Il risultato a cui le parti tendevano (l’acquisto settimanale, da parte del P., delle quote di due sistemi del Superenalotto) risulta corrispondere all’interesse di entrambe le parti ed è del tutto lecito.

Nè potrebbe dirsi che un simile contratto violi l’ordine pubblico, come sembra sostenere il ricorrente menzionando l’art. 718 c.p., preposto proprio alla tutela di tale bene giuridico.

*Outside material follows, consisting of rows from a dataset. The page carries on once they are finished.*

Definition is_inner_product : Prop :=
  [/\ forall a x y z, ip (a *: x + y) z = a * ip x z + ip y z,
      forall x y, ip y x = conjc (ip x y),
      forall x, 0 <= ip x x
    & forall x, ip x x = 0 -> x = 0].

Definition hnorm (x : V) : R := Num.sqrt (complex.Re (ip x x)).

Definition ip_complete : Prop :=
  forall u : nat -> V,
    (forall e : R, 0 < e -> exists n0, forall m n, (n0 <= m)%N -> (n0 <= n)%N ->
        hnorm (u m - u n) < e) ->
    exists l : V, forall e : R, 0 < e -> exists n0, forall n, (n0 <= n)%N ->
        hnorm (u n - l) < e.

Definition hilbert : Prop := is_inner_product /\ ip_complete.

Definition bounded_op (T : V -> V) : Prop :=
  (forall (a : R[i]) x y, T (a *: x + y) = a *: T x + T y) /\
  exists M : R, forall x, hnorm (T x) <= M * hnorm x.

Definition zero_op : V -> V := fun _ => 0.
Definition add_op (S T : V -> V) : V -> V := fun x => S x + T x.
Definition scale_op (c : R[i]) (T : V -> V) : V -> V := fun x => c *: T x.
Definition comp_op (S T : V -> V) : V -> V := fun x => S (T x).

Definition adj (T : V -> V) : V -> V :=
  epsilon (inhabits zero_op) (fun S => forall x y, ip (T x) y = ip x (S y)).

Definition unitary (U : V -> V) : Prop :=
  bounded_op U /\ comp_op (adj U) U = id /\ comp_op U (adj U) = id.

Definition re_op (T : V -> V) : V -> V :=
  scale_op (2^-1) (add_op T (adj T)).
Definition im_op (T : V -> V) : V -> V :=
  scale_op ((2 * Complex 0 1)^-1) (add_op T (scale_op (-1) (adj T))).

Definition op_norm (N : (V -> V) -> R) : Prop :=
  [/\ forall T, bounded_op T -> 0 <= N T,
      forall T, bounded_op T -> N T = 0 -> T = zero_op,
      forall c T, bounded_op T -> N (scale_op c T) = ComplexField.Normc.normc c * N T
    & forall S T, bounded_op S -> bounded_op T -> N (add_op S T) <= N S + N T].

Definition weakly_unitarily_invariant (N : (V -> V) -> R) : Prop :=
  forall T U, bounded_op T -> unitary U -> N (comp_op (adj U) (comp_op T U)) = N T.

Definition expi (t : R) : R[i] := (cos t +i* sin t)%C.

Definition wN (N : (V -> V) -> R) (T : V -> V) : \bar R :=
  ereal_sup [set ((N (re_op (scale_op (expi t) T)))%:E)%E | t in [set: R]].

Definition unit_pair (l1 l2 : R[i]) : Prop :=
  ComplexField.Normc.normc l1 ^+ 2 + ComplexField.Normc.normc l2 ^+ 2 <= 1.

Definition wNe (N : (V -> V) -> R) (B C : V -> V) : \bar R :=
  ereal_sup [set x : \bar R | exists (l1 l2 : R[i]) (t : R),
      unit_pair l1 l2 /\
      x = ((N (re_op (scale_op (expi t)
               (add_op (scale_op l1 B) (scale_op l2 C)))))%:E)%E].

End HilbertDefs.

(* Every identity is a reparametrisation of the supremum defining w_(N,e).
   For (a) and the first half of (b), (l1, l2) |-> ((l1 + l2)/sqrt 2, (l1 - l2)/sqrt 2)
   is an involution of the unit ball of C^2, and l1 B + l2 C (resp. l1 Re B + l2 Im B)
   becomes a multiple of the corresponding combination of B + C and B - C (resp. of B
   and adj B). For (c) and the second half of (b), Re (adj X) = Re X turns every term
   into N(Re(z B)) with |z| <= |l1| + |l2| <= sqrt 2, and the polar decomposition of z
   gives N(Re(z B)) = |z| N(Re(e^{is} B)); the bound sqrt 2 is attained at
   l1 = l2 = e^{is}/sqrt 2 (resp. l2 = conj l1). (d) conjugates (l1, l2, theta) through
   Re (adj X) = Re X, (e) uses Re(U' X U) = U' (Re X) U for U' = adj U, and (f) is
   Re(e^{i theta} X) = cos theta Re X - sin theta Im X.
   The analytic input is the existence of adjoints, which follows from the Riesz
   representation theorem, proved via the point of minimal norm of a closed hyperplane. *)

From HB Require Import structures.
From mathcomp Require Import all_boot all_order all_algebra.
From mathcomp Require Import all_classical all_reals.
From mathcomp Require Import ereal trigo.
From mathcomp Require Import complex.
From mathcomp Require Import ring lra.
From Stdlib Require Import ClassicalEpsilon.
Import Order.TTheory GRing.Theory Num.Theory.
Set Implicit Arguments. Unset Strict Implicit. Unset Printing Implicit Defensive.
Local Open Scope ring_scope.
Local Open Scope complex_scope.
Lemma irreducible_eltMl u a :
  is_unit_elt u -> irreducible_elt a -> irreducible_elt (u * a).
Proof.
move=> [w uw] [a_neq0 [a_nonunit a_irr]].
have a_eq b : u * a = b -> a = w * b.
  by move <-; rewrite mulrA (mulrC w) uw mul1r.
split; [|split].
- by apply: contraNneq a_neq0 => /a_eq ->; rewrite mulr0.
- by move=> [v uav]; apply: a_nonunit; exists (u * v); rewrite mulrCA mulrA.
- move=> b c /a_eq; rewrite mulrA => /a_irr [[v wbv]|]; last by right.
  by left; exists (w * v); rewrite mulrCA mulrA.
Qed.

Lemma factor_into_irreducibles u (s : seq R) :
  is_unit_elt u -> (forall x, x \in s -> is_unit_elt x \/ irreducible_elt x) ->
  ~ is_unit_elt (u * \prod_(x <- s) x) ->
  exists t : seq R, (forall y, y \in t -> irreducible_elt y) /\
                    u * \prod_(x <- s) x = \prod_(y <- t) y.
Proof.
elim: s u => [|x s IH] u u_unit s_fact; first by rewrite big_nil mulr1.
have s'_fact y : y \in s -> is_unit_elt y \/ irreducible_elt y.
  by move=> sy; apply: s_fact; rewrite inE sy orbT.
rewrite big_cons mulrCA => nonunit.
have [x_unit|x_irr] := s_fact x (mem_head x s).
  by move: nonunit; rewrite mulrA; apply: IH => //; apply: is_unit_eltM.
have [us_unit|us_nonunit] := pselect (is_unit_elt (u * \prod_(y <- s) y)).
  exists [:: u * \prod_(y <- s) y * x]; split; last by rewrite big_seq1 mulrC.
  by move=> y /[!inE] /eqP ->; apply: irreducible_eltMl.
have [t [t_irr ->]] := IH u u_unit s'_fact us_nonunit.
exists (x :: t); split; last by rewrite big_cons.
by move=> y /[!inE] /predU1P [->|/t_irr].
Qed.
(* Since I(G) is the Stanley-Reisner ideal of the independence complex of G, deleting
   a vertex v from an induced subgraph G[U] gives H_U = H_(U-v) + t H_(U-N(v)) for the
   Hilbert series, which solves to h(t) = sum_(A independent) t^|A| (1-t)^(alpha-|A|).
   Hence deg h <= alpha and h_alpha = (-1)^alpha sum_A (-1)^|A|.  For the graph of the
   statement, alpha = F + T + m_0 (T the number of triangles): take all leaves, the y_j
   without triangles and one vertex per triangle.  Toggling the first leaf of some x_i
   missing from A, and then, when all x_i (hence no y_j) are in A, toggling the second
   vertex of a triangle whose first vertex is missing, are sign-reversing involutions;
   the only survivor is X plus the first vertices of the triangles, so
   sum_A (-1)^|A| = (-1)^(n+T) and h_alpha = (-1)^(n+F+m_0). *)

Section TruncatedSeries.
Local Open Scope ring_scope.
Variable R : nzRingType.
Implicit Types p q s : {poly R}.

Lemma take_polyMl k s p q :
  take_poly k p = take_poly k q -> take_poly k (s * p) = take_poly k (s * q).
Proof.
move=> epq; apply/polyP => i; rewrite !coef_take_poly; case: ifP => // lt_ik.
rewrite !coefM; apply: eq_bigr => j _; congr (_ * _).
have := congr1 (fun u : {poly R} => u`_(i - j)) epq.
by rewrite /= !coef_take_poly (leq_ltn_trans (leq_subr j i) lt_ik).
Qed.
(* Let $n\ge2$ and $\sigma>0$. Write eigenvectors of $\mathbf A_\sigma^{-1}\mathbf B$ as $\mathbf p=(p_1,\dots,p_n)$, normalized with $\|\mathbf p\|=1$. Then the following hold. (i) The matrix $\mathbf A_\sigma^{-1}\mathbf B$ has $n-1$ linearly independent eigenvectors associated with positive eigenvalues. (ii) Exactly $\lfloor n/2\rfloor$ of these eigenvectors satisfy $p_l=p_{n-l}$ for $l=1,\dots,n-1$ and $p_n\neq0$. (iii) The remaining $\lfloor (n-1)/2\rfloor$ of these eigenvectors have entries $p_l=b\sin(l\theta_j)$ for $l=1,\dots,n$. Here $\theta_j=2\pi m_j/n$ for some $m_j\in\mathbb Z$, and $b\in\mathbb R\setminus\{0\}$ is a normalizing constant. In particular these eigenvectors satisfy $p_l=-p_{n-l}$ for $l=1,\dots,n-1$ and $p_n=0$, and they do not depend on $\sigma$. (iv) The eigenvector $\mathbf p_n$ associated with the unique negative eigenvalue satisfies $p_{l}=p_{n-l}$ for $l=1,\dots,n-1$ and $p_n\neq 0$.
   Context: Let $\mathbf L\in\mathbb R^{n\times n}$ be the periodic discrete one-dimensional Laplacian, i.e. $(\mathbf L\mathbf x)_i=x_{i-1}-2x_i+x_{i+1}$ with indices taken modulo $n$. For $\sigma\ge 0$ set $\mathbf A_\sigma=\mathbf I-\sigma\mathbf L$, which is symmetric positive definite. Let $\mathbf B=\mathrm{diag}(1,\dots,1,-1)\in\mathbb R^{n\times n}$. It is known that $\mathbf A_\sigma^{-1}\mathbf B$ is diagonalizable with real eigenvalues, exactly one of which is negative and $n-1$ of which are positive. *)

From Stdlib Require Import Reals Lra Lia Arith.
Open Scope R_scope.

(* Vectors in R^n are represented as functions p : nat -> R, of which only
   the entries p 1, ..., p n (1-based, as in the paper) are relevant. *)

Definition prevn (n i : nat) : nat := if Nat.eqb i 1 then n else (i - 1)%nat.
Definition nextn (n i : nat) : nat := if Nat.eqb i n then 1%nat else (i + 1)%nat.

Definition Lap (n : nat) (x : nat -> R) (i : nat) : R :=
  x (prevn n i) - 2 * x i + x (nextn n i).

Definition Aop (n : nat) (sigma : R) (x : nat -> R) (i : nat) : R :=
  x i - sigma * Lap n x i.

Definition Bop (n : nat) (x : nat -> R) (i : nat) : R :=
  if Nat.eqb i n then - x i else x i.

Fixpoint vsum (k : nat) (f : nat -> R) : R :=
  match k with
  | O => 0
  | S k' => vsum k' f + f (S k')
  end.

Fixpoint cnt (m : nat) (s : nat -> bool) : nat :=
  match m with
  | O => O
  | S m' => (cnt m' s + (if s (S m') then 1 else 0))%nat
  end.

(* p is an eigenvector of A_sigma^{-1} B with eigenvalue lam:
   A_sigma^{-1} (B p) = lam p, i.e. (A_sigma being invertible) lam p is the
   solution x of A_sigma x = B p, and p <> 0. *)
Definition is_eigvec_AinvB (n : nat) (sigma lam : R) (p : nat -> R) : Prop :=
  (exists i, (1 <= i <= n)%nat /\ p i <> 0) /\
  forall i, (1 <= i <= n)%nat ->
    Aop n sigma (fun l => lam * p l) i = Bop n p i.

Definition unit_norm (n : nat) (p : nat -> R) : Prop :=
  vsum n (fun l => p l ^ 2) = 1.

Definition lin_indep (n : nat) (P : nat -> nat -> R) : Prop :=
  forall c : nat -> R,
    (forall i, (1 <= i <= n)%nat -> vsum n (fun k => c k * P k i) = 0) ->
    forall k, (1 <= k <= n)%nat -> c k = 0.

Definition sym_vec (n : nat) (p : nat -> R) : Prop :=
  forall l, (1 <= l <= n - 1)%nat -> p l = p (n - l)%nat.

Definition antisym_vec (n : nat) (p : nat -> R) : Prop :=
  forall l, (1 <= l <= n - 1)%nat -> p l = - p (n - l)%nat.

From Stdlib Require Import Reals ZArith Lra Lia Arith.
Open Scope R_scope.

(* In the discrete Fourier basis [A_sigma] is diagonal: the modes [cos (l theta_m)] and
   [sin (l theta_m)], [theta_m = 2 pi m / n], have eigenvalue
   [alpha_m = 1 + 2 sigma (1 - cos theta_m)], while [B] differs from the identity only in the
   last coordinate.  Sine modes vanish there, so [sin (l theta_m)] with [0 < 2 m < n] is an
   eigenvector of [A_sigma^-1 B] for [1 / alpha_m].  For any root [mu] of the secular equation
   [sum_m 1 / (mu alpha_m - 1) = - n / 2], the vector [V_l = sum_m cos (l theta_m) / (mu alpha_m - 1)]
   is a symmetric eigenvector for [mu], since [mu A V = V + n e_n] and [V_n = - n / 2].  After
   clearing denominators the secular function has sign [(-1)^k] at the pole [1 / alpha_k],
   so the intermediate value theorem gives a root in each interval
   [(1 / alpha_k, 1 / alpha_(k-1))], [1 <= k <= n/2], and one negative root.  The positive
   eigenvalues so obtained interlace with the [1 / alpha_m], hence all [n] eigenvalues are
   distinct, and eigenvectors for distinct eigenvalues are orthogonal for the inner product
   defined by the positive definite [A_sigma], hence linearly independent. *)

(** * Finite sums and products *)

(* [rsum N F = F 0 + ... + F (N - 1)], indexed from 0 unlike [vsum]. *)
Fixpoint rsum (N : nat) (F : nat -> R) : R :=
  match N with O => 0 | S N' => rsum N' F + F N' end.

Fixpoint rprod (N : nat) (F : nat -> R) : R :=
  match N with O => 1 | S N' => rprod N' F * F N' end.

Definition prod_skip (N k : nat) (F : nat -> R) : R :=
  rprod N (fun j => if Nat.eqb j k then 1 else F j).

Lemma rsum_ext N F G : (forall m, (m < N)%nat -> F m = G m) -> rsum N F = rsum N G.
Proof.
  induction N as [|N IH]; intros H; simpl; [reflexivity|].
  rewrite IH by (intros; apply H; lia). rewrite H by lia. reflexivity.
Qed.

Lemma rsum_scal N c F : rsum N (fun m => c * F m) = c * rsum N F.
Proof. induction N as [|N IH]; simpl; [ring|]. rewrite IH; ring. Qed.

Lemma rsum_plus N F G : rsum N (fun m => F m + G m) = rsum N F + rsum N G.
Proof. induction N as [|N IH]; simpl; [ring|]. rewrite IH; ring. Qed.

Lemma rsum_const N c : rsum N (fun _ => c) = INR N * c.
Proof. induction N as [|N IH]; simpl rsum; [simpl; ring|]. rewrite IH, S_INR; ring. Qed.

Lemma rsum_ge N F c : (forall m, (m < N)%nat -> c <= F m) -> INR N * c <= rsum N F.
Proof.
  induction N as [|N IH]; intros H; simpl rsum; [simpl; lra|].
  rewrite S_INR. assert (H1 := H N (Nat.lt_succ_diag_r N)).
  assert (INR N * c <= rsum N F) by (apply IH; intros; apply H; lia). lra.
Qed.

Lemma rsum_pos N F k :
  (forall m, (m < N)%nat -> 0 <= F m) -> (k < N)%nat -> 0 < F k -> 0 < rsum N F.
Proof.
  intros H Hk Hp.
  assert (Hge : forall M, (M <= N)%nat -> 0 <= rsum M F).
  { intros M HM. replace 0 with (INR M * 0) by ring. apply rsum_ge. intros; apply H; lia. }
  induction N as [|N IH]; simpl; [lia|].
  destruct (Nat.eq_dec k N) as [->|Hne].
  - assert (0 <= rsum N F) by (apply Hge; lia). lra.
  - assert (0 < rsum N F) by (apply IH; intros; try apply H; try apply Hge; lia).
    assert (0 <= F N) by (apply H; lia). lra.
Qed.

Lemma rprod_eq0 N k F : (k < N)%nat -> F k = 0 -> rprod N F = 0.
Proof.
  induction N as [|N IH]; intros Hk HF; simpl; [lia|].
  destruct (Nat.eq_dec k N) as [->|]; [rewrite HF | rewrite IH by (auto; lia)]; ring.
Qed.

Lemma rprod_neq0 N F : (forall j, (j < N)%nat -> F j <> 0) -> rprod N F <> 0.
Proof.
  induction N as [|N IH]; intros H; simpl; [lra|].
  apply Rmult_integral_contrapositive_currified; [apply IH; intros|]; apply H; lia.
Qed.

Lemma rprod_mult N F G : rprod N F * rprod N G = rprod N (fun j => F j * G j).
Proof. induction N as [|N IH]; simpl; [ring|]. rewrite <- IH; ring. Qed.

Lemma rprod_pos N F : (forall j, (j < N)%nat -> 0 < F j) -> 0 < rprod N F.
Proof.
  induction N as [|N IH]; intros H; simpl; [lra|].
  apply Rmult_lt_0_compat; [apply IH; intros|]; apply H; lia.
Qed.

Lemma prod_skip_mul N k F : (k < N)%nat -> prod_skip N k F * F k = rprod N F.
Proof.
  unfold prod_skip. induction N as [|N IH]; intros Hk; simpl; [lia|].
  destruct (Nat.eq_dec k N) as [->|Hne].
  - rewrite Nat.eqb_refl.
    assert (E : forall M, (M <= N)%nat ->
              rprod M (fun j => if Nat.eqb j N then 1 else F j) = rprod M F).
    { induction M as [|M IHM]; intros HM; simpl; [reflexivity|].
      rewrite IHM by lia. replace (Nat.eqb M N) with false by (symmetry; apply Nat.eqb_neq; lia).
      reflexivity. }
    rewrite E by lia. ring.
  - replace (Nat.eqb N k) with false by (symmetry; apply Nat.eqb_neq; lia).
    rewrite <- IH by lia. ring.
Qed.

Lemma prod_skip_eq0 N k j F : (j < N)%nat -> j <> k -> F j = 0 -> prod_skip N k F = 0.
Proof.
  intros Hj Hjk HF. apply (rprod_eq0 N j); [exact Hj|].
  replace (Nat.eqb j k) with false by (symmetry; apply Nat.eqb_neq; exact Hjk). exact HF.
Qed.

Lemma prod_skip_sign N k F :
  (forall j, (j < N)%nat -> (j < k)%nat -> F j < 0) ->
  (forall j, (j < N)%nat -> (k < j)%nat -> 0 < F j) ->
  0 < (-1) ^ (Nat.min N k) * prod_skip N k F.
Proof.
  unfold prod_skip. induction N as [|N IH]; intros Hneg Hpos; cbn [rprod]; [simpl; lra|].
  assert (H : 0 < (-1) ^ (Nat.min N k) * rprod N (fun j => if Nat.eqb j k then 1 else F j))
    by (apply IH; intros; [apply Hneg | apply Hpos]; lia).
  destruct (Nat.eq_dec N k) as [<-|Hne].
  - rewrite Nat.eqb_refl. replace (Nat.min (S N) N) with (Nat.min N N) by lia. lra.
  - replace (Nat.eqb N k) with false by (symmetry; apply Nat.eqb_neq; exact Hne).
    destruct (Nat.lt_ge_cases N k).
    + replace (Nat.min (S N) k) with (S (Nat.min N k)) by lia. simpl pow.
      assert (F N < 0) by (apply Hneg; lia). nra.
    + replace (Nat.min (S N) k) with (Nat.min N k) by lia.
      assert (0 < F N) by (apply Hpos; lia). nra.
Qed.

Lemma continuity_rsum N (F : nat -> R -> R) :
  (forall m, continuity (F m)) -> continuity (fun x => rsum N (fun m => F m x)).
Proof.
  intros H; induction N as [|N IH]; simpl.
  - apply continuity_const. intros ? ?; reflexivity.
  - apply (continuity_plus (fun x => rsum N (fun m => F m x)) (F N)); auto.
Qed.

Infatti, la funzione concretamente realizzata è quella di consentire ad un soggetto l’esercizio, peraltro attraverso soggetto a ciò espressamente autorizzato, di un gioco di azzardo, quale il Superenalotto, regolato e posto sotto il controllo dello Stato, e quindi non rientrante nell’ambito dell’art. 718 c.p.c..

4.2. Con il terzo motivo, il ricorrente lamenta l’omesso esame circa un fatto decisivo per il giudizio che è stato oggetto di discussione tra le parti”, in relazione all’art. 360 c.p.c., nn. 3 e 5.

I giudici non hanno considerato che, in base al contratto atipico ipotizzato, l’ O. conservava la proprietà della cedola relativa alla quota giocata sino al pagamento da parte del P., e che dell’avvenuto pagamento non è mai stata fornita alcuna prova.

Anche il terzo motivo è infondato.

Al di là della rubrica utilizzata, la censura deve essere ricondotta al vizio di omessa pronuncia (infatti il ricorrente afferma che “non si tratta qui di entrare nel merito dell’apprezzamento di merito… ma di un’obiettiva violazione in diritto riconnessa la mancata disamina di un motivo di appello”).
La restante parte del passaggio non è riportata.